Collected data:
──────────────────────────────
Lemma In_basis_mulE (i j : 'I_n) :
  In_basis_mul F i j = (i == ord_max)%:R *: ebas F j + (i == j)%:R *: e.
Proof.
rewrite /In_basis_mul; case: (i =P ord_max) => [->|_] /=.
  case: (j =P ord_max) => [->|/eqP]; first by rewrite eqxx -scalerDl.
  by rewrite eq_sym => /negPf ->; rewrite scale1r scale0r addr0.
by rewrite scale0r add0r; case: (i =P j); rewrite ?scale1r ?scale0r.
Qed.

Lemma In_mulE (x y : 'cV[F]_n) :
  In_mul x y = x ord_max 0 *: y + (x^T *m y) 0 0 *: e.
Proof.
rewrite /In_mul.
under eq_bigr do under eq_bigr do rewrite In_basis_mulE scalerDr !scalerA.
under eq_bigr do rewrite big_split /=; rewrite big_split /=; congr (_ + _).
  rewrite (bigD1 ord_max) //= [X in _ + X]big1 ?addr0 => [|i /negPf ->]; last first.
    by rewrite big1 // => j _; rewrite mulr0 scale0r.
  rewrite [y in RHS]cV_sum_ebas scaler_sumr; apply: eq_bigr => j _.
  by rewrite eqxx mulr1 scalerA.
under eq_bigr do rewrite -scaler_suml.
rewrite -scaler_suml mxE; congr (_ *: _); apply: eq_bigr => i _.
rewrite (bigD1 i) //= [X in _ + X]big1 ?addr0 => [|j /negPf]; last first.
  by rewrite eq_sym => ->; rewrite mulr0.
by rewrite eqxx mulr1 mxE.
Qed.

Lemma mulmx_In_mul (A : 'M[F]_n) (x y : 'cV[F]_n) :
  A *m In_mul x y = x ord_max 0 *: (A *m y) + (x^T *m y) 0 0 *: (A *m e).
Proof. by rewrite In_mulE mulmxDr !scalemxAr. Qed.

(* diag(Q, c), with c in the position of e_n *)
Definition bdiag_mx (Q : 'M[F]_m) (c : F) : 'M[F]_n :=
  \matrix_(i, j) match unlift ord_max i, unlift ord_max j with
    | Some a, Some b => Q a b
    | None, None => c
    | _, _ => 0
    end.

Definition corner_mx (A : 'M[F]_n) : 'M[F]_m := mxsub (lift ord_max) (lift ord_max) A.

HB.instance Definition _ :=
  GRing.Linear.copy corner_mx (mxsub (lift ord_max) (lift ord_max) : 'M[F]_n -> 'M[F]_m).

Lemma trmx_corner (A : 'M[F]_n) : (corner_mx A)^T = corner_mx A^T.
Proof. exact: trmx_mxsub. Qed.

Lemma bdiag_mx_lift Q c i j : bdiag_mx Q c (lift ord_max i) (lift ord_max j) = Q i j.
Proof. by rewrite mxE !liftK. Qed.

Lemma bdiag_mx_lift_max Q c i : bdiag_mx Q c (lift ord_max i) ord_max = 0.
Proof. by rewrite mxE liftK unlift_none. Qed.

Lemma bdiag_mx_max_lift Q c j : bdiag_mx Q c ord_max (lift ord_max j) = 0.
Proof. by rewrite mxE liftK unlift_none. Qed.

Lemma bdiag_mx_max Q c : bdiag_mx Q c ord_max ord_max = c.
Proof. by rewrite mxE unlift_none. Qed.

Lemma corner_bdiag Q c : corner_mx (bdiag_mx Q c) = Q.
Proof. by apply/matrixP => i j; rewrite mxE bdiag_mx_lift. Qed.

Lemma bdiag_corner (A : 'M[F]_n) c :
  A *m e = c *: e -> A^T *m e = c *: e -> A = bdiag_mx (corner_mx A) c.
Proof.
move=> /matrixP Ae /matrixP Ate.
have Acol k : A k ord_max = c * (k == ord_max)%:R.
  by have := Ae k 0; rewrite mulmx_ebas !mxE andbT.
have Arow k : A ord_max k = c * (k == ord_max)%:R.
  by have := Ate k 0; rewrite mulmx_ebas !mxE andbT.
apply/matrixP => i j.
case: (unliftP ord_max i) => [a|] ->; case: (unliftP ord_max j) => [b|] ->.
- by rewrite bdiag_mx_lift mxE.
- by rewrite bdiag_mx_lift_max Acol lift_eqF mulr0.
- by rewrite bdiag_mx_max_lift Arow lift_eqF mulr0.
- by rewrite bdiag_mx_max Acol eqxx mulr1.
Qed.

Lemma bdiag_mx_ebas Q c : bdiag_mx Q c *m e = c *: e.
Proof.
apply/matrixP => i j; rewrite ord1 mulmx_ebas mxE [RHS]mxE ebasE.
case: (unliftP ord_max i) => [a|] ->; first by rewrite bdiag_mx_lift_max lift_eqF mulr0.
by rewrite bdiag_mx_max eqxx mulr1.
Qed.

Lemma trmx_bdiag Q c : (bdiag_mx Q c)^T = bdiag_mx Q^T c.
Proof.
apply/matrixP => i j; rewrite !mxE.
by case: (unlift ord_max i) => [a|]; case: (unlift ord_max j) => [b|]; rewrite ?mxE.
Qed.

Lemma bdiag_mxN Q c : bdiag_mx (- Q) (- c) = - bdiag_mx Q c.
Proof.
apply/matrixP => i j; rewrite !mxE.
by case: (unlift ord_max i) => [a|]; case: (unlift ord_max j) => [b|]; rewrite ?mxE ?oppr0.
Qed.

Lemma bdiag_mx1 : bdiag_mx 1%:M 1 = 1%:M.
Proof.
apply/matrixP => i j; rewrite [RHS]mxE.
case: (unliftP ord_max i) => [a|] ->; case: (unliftP ord_max j) => [b|] ->.
- by rewrite bdiag_mx_lift mxE (inj_eq lift_inj).
- by rewrite bdiag_mx_lift_max lift_eqF.
- by rewrite bdiag_mx_max_lift eq_liftF.
- by rewrite bdiag_mx_max eqxx.
Qed.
──────────────────────────────
Instructions for the task
Would you copy every line of the entries in which "first" appears?

Result of this task
  case: (j =P ord_max) => [->|/eqP]; first by rewrite eqxx -scalerDl.
  rewrite (bigD1 ord_max) //= [X in _ + X]big1 ?addr0 => [|i /negPf ->]; last first.
rewrite (bigD1 i) //= [X in _ + X]big1 ?addr0 => [|j /negPf]; last first.
case: (unliftP ord_max i) => [a|] ->; first by rewrite bdiag_mx_lift_max lift_eqF mulr0.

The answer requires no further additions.